## Provided records

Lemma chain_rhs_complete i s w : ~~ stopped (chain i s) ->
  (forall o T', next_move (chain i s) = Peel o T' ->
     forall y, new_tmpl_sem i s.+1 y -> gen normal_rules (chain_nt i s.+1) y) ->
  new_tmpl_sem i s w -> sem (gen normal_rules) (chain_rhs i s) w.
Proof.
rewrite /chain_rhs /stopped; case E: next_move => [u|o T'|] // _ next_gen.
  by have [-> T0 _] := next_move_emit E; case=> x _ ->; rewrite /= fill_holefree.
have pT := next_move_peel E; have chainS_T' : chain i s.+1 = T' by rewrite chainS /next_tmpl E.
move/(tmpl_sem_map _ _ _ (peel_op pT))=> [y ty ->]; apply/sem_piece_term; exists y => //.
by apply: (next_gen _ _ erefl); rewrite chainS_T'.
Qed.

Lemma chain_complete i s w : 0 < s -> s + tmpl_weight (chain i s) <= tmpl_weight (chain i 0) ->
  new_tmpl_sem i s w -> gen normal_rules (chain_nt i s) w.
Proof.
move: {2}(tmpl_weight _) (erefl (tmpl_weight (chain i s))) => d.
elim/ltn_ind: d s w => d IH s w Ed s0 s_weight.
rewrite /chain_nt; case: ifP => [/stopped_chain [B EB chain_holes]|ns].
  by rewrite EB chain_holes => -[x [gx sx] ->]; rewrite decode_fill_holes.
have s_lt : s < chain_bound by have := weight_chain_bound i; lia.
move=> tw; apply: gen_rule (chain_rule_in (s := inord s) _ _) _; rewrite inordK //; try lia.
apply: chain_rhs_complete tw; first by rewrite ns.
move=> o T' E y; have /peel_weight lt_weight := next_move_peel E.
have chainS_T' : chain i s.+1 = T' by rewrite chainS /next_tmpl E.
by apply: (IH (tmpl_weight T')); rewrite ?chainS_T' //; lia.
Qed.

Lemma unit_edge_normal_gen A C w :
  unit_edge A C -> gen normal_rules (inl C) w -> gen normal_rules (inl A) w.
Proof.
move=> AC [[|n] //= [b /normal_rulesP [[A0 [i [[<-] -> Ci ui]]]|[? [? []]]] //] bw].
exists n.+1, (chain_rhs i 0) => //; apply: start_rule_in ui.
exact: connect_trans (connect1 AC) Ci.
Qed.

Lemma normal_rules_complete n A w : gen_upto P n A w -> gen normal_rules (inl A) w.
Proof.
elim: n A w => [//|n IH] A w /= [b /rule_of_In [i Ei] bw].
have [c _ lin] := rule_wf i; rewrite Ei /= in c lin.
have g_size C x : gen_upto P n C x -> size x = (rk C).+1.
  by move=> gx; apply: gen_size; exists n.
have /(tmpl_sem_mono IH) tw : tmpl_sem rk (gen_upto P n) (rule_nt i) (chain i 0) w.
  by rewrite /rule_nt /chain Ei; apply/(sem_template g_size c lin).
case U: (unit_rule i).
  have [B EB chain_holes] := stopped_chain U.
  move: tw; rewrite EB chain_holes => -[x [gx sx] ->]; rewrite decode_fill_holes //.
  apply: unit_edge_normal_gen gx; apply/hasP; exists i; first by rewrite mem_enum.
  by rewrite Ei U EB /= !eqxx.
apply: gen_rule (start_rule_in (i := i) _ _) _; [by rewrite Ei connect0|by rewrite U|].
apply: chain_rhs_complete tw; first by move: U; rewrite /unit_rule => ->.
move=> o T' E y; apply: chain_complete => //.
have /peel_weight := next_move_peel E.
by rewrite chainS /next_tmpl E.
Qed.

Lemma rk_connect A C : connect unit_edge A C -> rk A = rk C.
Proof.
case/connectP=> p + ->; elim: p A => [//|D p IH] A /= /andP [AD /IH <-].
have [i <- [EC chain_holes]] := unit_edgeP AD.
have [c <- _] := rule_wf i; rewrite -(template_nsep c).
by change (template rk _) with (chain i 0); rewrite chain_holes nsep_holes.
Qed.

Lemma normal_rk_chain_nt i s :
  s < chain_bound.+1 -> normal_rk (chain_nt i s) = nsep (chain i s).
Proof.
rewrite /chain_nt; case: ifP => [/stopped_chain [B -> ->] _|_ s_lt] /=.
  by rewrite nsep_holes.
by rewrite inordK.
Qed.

==

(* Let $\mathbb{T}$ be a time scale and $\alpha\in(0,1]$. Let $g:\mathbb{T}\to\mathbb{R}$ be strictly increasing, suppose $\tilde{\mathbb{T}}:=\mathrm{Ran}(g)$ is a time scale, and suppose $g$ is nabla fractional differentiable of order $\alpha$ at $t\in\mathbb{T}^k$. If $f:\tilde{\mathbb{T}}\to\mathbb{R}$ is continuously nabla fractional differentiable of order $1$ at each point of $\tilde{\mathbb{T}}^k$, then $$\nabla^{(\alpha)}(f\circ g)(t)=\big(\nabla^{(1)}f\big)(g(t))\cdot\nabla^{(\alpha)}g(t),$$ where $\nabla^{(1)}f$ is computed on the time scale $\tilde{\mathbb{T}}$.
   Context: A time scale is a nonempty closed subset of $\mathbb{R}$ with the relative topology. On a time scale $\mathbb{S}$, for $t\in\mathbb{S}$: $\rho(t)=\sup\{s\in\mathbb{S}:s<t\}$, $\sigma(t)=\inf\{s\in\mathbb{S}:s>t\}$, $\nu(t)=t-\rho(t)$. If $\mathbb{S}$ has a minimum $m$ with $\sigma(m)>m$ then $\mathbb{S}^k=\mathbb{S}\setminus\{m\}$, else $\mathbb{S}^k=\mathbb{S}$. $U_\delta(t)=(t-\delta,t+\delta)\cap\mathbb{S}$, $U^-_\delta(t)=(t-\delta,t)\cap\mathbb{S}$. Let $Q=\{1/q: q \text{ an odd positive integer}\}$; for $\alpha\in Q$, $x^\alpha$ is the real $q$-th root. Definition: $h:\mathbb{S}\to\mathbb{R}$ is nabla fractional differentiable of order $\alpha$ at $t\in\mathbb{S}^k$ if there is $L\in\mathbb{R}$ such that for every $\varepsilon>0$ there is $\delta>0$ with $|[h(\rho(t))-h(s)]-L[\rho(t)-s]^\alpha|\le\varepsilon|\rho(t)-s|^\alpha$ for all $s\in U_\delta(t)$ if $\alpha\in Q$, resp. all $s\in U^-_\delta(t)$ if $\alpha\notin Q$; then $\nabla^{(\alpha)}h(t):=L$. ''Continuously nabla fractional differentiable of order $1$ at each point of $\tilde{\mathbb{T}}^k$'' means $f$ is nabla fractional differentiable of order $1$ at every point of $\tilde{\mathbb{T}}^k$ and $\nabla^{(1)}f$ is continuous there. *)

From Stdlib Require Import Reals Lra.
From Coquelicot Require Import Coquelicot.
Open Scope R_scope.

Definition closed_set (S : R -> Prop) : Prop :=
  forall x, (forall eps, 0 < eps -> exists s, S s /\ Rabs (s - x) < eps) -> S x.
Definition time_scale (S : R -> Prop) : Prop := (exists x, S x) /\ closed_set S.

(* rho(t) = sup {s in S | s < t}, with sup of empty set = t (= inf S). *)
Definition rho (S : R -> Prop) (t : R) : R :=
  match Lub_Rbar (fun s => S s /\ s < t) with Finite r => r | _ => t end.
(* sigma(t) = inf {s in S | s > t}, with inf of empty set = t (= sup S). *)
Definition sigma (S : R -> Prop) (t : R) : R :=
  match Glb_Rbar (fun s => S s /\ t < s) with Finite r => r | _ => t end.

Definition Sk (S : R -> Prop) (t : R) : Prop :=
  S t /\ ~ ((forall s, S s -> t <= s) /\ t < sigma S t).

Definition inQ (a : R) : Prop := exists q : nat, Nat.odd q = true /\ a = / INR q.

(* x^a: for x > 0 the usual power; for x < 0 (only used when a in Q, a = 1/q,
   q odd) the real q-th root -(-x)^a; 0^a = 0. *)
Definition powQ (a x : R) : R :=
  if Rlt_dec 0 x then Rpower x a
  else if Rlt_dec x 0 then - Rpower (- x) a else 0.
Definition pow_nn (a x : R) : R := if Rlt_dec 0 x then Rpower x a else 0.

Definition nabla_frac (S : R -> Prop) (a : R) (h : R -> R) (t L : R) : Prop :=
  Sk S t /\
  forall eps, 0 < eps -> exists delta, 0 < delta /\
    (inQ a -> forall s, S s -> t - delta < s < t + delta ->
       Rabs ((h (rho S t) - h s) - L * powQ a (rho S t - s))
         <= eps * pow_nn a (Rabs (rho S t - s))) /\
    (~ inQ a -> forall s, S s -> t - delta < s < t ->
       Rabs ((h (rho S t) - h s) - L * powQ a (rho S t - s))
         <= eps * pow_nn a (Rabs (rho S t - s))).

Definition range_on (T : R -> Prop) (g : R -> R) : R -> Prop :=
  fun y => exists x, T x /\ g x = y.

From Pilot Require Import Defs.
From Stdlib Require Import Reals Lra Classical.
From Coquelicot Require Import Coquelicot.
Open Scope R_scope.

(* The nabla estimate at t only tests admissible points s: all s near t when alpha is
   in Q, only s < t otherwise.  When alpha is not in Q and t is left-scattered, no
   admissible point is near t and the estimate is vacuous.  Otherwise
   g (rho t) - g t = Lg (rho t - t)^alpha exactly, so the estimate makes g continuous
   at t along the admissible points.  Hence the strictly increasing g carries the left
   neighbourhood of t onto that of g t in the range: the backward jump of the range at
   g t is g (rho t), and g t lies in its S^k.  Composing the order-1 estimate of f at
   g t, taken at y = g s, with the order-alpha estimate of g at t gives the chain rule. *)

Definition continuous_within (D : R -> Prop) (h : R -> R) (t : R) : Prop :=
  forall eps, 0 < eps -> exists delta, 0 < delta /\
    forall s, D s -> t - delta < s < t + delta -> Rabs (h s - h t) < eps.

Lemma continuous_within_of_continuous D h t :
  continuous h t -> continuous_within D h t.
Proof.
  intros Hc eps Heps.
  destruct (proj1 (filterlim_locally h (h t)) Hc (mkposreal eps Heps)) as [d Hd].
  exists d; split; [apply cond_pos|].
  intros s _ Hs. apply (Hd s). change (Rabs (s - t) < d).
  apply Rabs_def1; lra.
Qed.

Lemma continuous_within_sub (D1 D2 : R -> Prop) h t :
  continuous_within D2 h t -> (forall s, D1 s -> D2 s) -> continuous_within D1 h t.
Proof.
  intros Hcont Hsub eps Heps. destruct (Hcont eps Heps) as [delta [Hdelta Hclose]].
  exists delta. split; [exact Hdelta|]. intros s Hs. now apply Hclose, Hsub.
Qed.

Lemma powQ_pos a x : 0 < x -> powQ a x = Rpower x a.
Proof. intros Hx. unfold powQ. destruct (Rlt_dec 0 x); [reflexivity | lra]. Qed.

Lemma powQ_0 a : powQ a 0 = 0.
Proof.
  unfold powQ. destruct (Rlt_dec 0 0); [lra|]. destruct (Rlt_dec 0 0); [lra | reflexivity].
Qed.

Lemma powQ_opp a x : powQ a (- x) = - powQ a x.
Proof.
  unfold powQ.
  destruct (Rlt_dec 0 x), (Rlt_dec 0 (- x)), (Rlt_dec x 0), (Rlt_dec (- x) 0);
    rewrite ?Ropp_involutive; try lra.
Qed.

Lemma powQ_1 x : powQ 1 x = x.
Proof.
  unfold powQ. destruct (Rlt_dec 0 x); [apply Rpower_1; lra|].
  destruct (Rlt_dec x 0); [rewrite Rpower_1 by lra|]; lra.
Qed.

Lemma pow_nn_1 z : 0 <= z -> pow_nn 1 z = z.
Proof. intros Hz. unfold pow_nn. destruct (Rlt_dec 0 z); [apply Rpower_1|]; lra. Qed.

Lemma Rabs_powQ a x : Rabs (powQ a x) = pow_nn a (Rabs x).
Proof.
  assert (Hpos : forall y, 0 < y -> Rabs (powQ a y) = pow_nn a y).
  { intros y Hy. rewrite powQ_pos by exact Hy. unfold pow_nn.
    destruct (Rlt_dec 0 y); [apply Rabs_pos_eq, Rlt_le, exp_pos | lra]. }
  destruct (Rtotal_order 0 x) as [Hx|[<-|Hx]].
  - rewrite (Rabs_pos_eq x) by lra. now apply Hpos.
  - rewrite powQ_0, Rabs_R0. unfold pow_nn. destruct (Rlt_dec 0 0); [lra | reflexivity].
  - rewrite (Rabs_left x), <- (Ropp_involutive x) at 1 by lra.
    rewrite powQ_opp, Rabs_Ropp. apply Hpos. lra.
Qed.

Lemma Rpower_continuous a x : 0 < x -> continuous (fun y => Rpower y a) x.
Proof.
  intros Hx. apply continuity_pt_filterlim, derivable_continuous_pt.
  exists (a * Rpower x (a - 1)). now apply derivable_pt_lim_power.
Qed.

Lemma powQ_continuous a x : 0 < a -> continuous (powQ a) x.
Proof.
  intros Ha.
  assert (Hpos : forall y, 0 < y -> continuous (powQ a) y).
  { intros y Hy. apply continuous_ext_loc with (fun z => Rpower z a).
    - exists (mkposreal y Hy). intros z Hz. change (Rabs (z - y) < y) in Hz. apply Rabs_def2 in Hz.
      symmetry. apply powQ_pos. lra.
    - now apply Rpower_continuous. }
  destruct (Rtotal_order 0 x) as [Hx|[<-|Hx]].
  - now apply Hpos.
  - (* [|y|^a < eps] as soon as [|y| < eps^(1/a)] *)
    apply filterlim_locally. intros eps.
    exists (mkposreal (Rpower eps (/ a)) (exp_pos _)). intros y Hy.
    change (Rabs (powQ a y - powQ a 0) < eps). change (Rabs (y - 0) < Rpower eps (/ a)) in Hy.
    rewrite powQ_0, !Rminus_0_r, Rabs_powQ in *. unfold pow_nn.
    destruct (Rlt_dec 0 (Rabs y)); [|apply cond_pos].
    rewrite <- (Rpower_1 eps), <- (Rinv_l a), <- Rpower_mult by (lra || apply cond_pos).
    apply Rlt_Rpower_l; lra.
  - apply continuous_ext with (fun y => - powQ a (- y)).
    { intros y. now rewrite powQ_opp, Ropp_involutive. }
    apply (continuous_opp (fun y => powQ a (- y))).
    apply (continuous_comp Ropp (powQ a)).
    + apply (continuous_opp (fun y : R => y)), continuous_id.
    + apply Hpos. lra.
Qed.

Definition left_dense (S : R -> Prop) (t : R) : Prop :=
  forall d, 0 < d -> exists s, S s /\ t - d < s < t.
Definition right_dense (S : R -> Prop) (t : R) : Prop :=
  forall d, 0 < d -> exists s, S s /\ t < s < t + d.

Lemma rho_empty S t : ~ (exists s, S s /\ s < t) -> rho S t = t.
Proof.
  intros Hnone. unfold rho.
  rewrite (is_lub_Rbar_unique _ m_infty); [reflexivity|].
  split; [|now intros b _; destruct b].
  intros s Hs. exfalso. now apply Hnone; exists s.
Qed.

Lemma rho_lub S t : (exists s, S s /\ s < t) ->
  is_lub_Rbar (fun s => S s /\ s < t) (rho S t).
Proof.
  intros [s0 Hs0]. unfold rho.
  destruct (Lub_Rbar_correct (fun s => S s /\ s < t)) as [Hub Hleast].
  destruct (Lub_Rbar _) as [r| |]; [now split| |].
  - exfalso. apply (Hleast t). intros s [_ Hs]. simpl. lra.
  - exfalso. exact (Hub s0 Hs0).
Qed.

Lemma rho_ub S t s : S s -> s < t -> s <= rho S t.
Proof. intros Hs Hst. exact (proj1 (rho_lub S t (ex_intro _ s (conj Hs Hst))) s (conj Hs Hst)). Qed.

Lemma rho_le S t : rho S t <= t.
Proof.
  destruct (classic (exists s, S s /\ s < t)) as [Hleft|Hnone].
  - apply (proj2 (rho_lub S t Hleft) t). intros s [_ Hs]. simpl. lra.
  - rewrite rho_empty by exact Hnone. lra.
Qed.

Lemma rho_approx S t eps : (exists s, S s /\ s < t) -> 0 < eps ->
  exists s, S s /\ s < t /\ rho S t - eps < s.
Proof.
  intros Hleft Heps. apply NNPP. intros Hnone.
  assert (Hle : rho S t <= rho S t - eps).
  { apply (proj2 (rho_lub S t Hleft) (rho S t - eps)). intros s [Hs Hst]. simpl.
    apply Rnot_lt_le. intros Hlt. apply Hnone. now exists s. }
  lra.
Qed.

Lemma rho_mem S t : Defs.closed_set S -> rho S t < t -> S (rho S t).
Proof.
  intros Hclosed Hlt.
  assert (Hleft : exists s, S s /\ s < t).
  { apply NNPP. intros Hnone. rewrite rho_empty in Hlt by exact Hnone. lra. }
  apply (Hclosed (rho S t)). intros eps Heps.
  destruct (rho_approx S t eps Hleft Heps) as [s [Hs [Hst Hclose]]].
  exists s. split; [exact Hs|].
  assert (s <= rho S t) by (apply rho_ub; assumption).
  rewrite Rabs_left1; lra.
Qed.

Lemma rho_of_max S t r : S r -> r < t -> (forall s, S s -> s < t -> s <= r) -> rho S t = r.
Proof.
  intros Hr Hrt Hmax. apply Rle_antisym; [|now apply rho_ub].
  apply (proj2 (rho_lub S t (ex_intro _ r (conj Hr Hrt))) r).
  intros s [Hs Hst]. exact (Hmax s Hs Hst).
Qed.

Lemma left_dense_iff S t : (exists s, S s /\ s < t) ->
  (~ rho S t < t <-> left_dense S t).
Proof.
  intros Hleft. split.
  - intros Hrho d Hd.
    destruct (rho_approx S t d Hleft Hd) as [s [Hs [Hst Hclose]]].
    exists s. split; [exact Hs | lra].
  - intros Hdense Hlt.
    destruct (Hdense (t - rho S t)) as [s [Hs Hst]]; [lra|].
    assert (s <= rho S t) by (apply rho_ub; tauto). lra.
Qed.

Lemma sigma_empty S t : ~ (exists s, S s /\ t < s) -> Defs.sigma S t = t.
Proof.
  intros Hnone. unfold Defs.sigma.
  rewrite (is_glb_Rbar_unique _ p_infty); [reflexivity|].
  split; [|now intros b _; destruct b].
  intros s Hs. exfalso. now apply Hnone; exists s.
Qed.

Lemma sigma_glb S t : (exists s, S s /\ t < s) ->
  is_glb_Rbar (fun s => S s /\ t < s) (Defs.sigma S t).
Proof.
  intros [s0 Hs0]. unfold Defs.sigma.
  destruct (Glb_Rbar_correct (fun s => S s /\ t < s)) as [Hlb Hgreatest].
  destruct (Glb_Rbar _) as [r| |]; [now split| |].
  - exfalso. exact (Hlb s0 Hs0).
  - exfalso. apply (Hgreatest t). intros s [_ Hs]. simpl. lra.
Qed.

## Aim of the exercise
Only lines holding the word "Import" are wanted here; copy each from the listing.

## Written solution
From Stdlib Require Import Reals Lra.
From Coquelicot Require Import Coquelicot.
From Pilot Require Import Defs.
From Stdlib Require Import Reals Lra Classical.
From Coquelicot Require Import Coquelicot.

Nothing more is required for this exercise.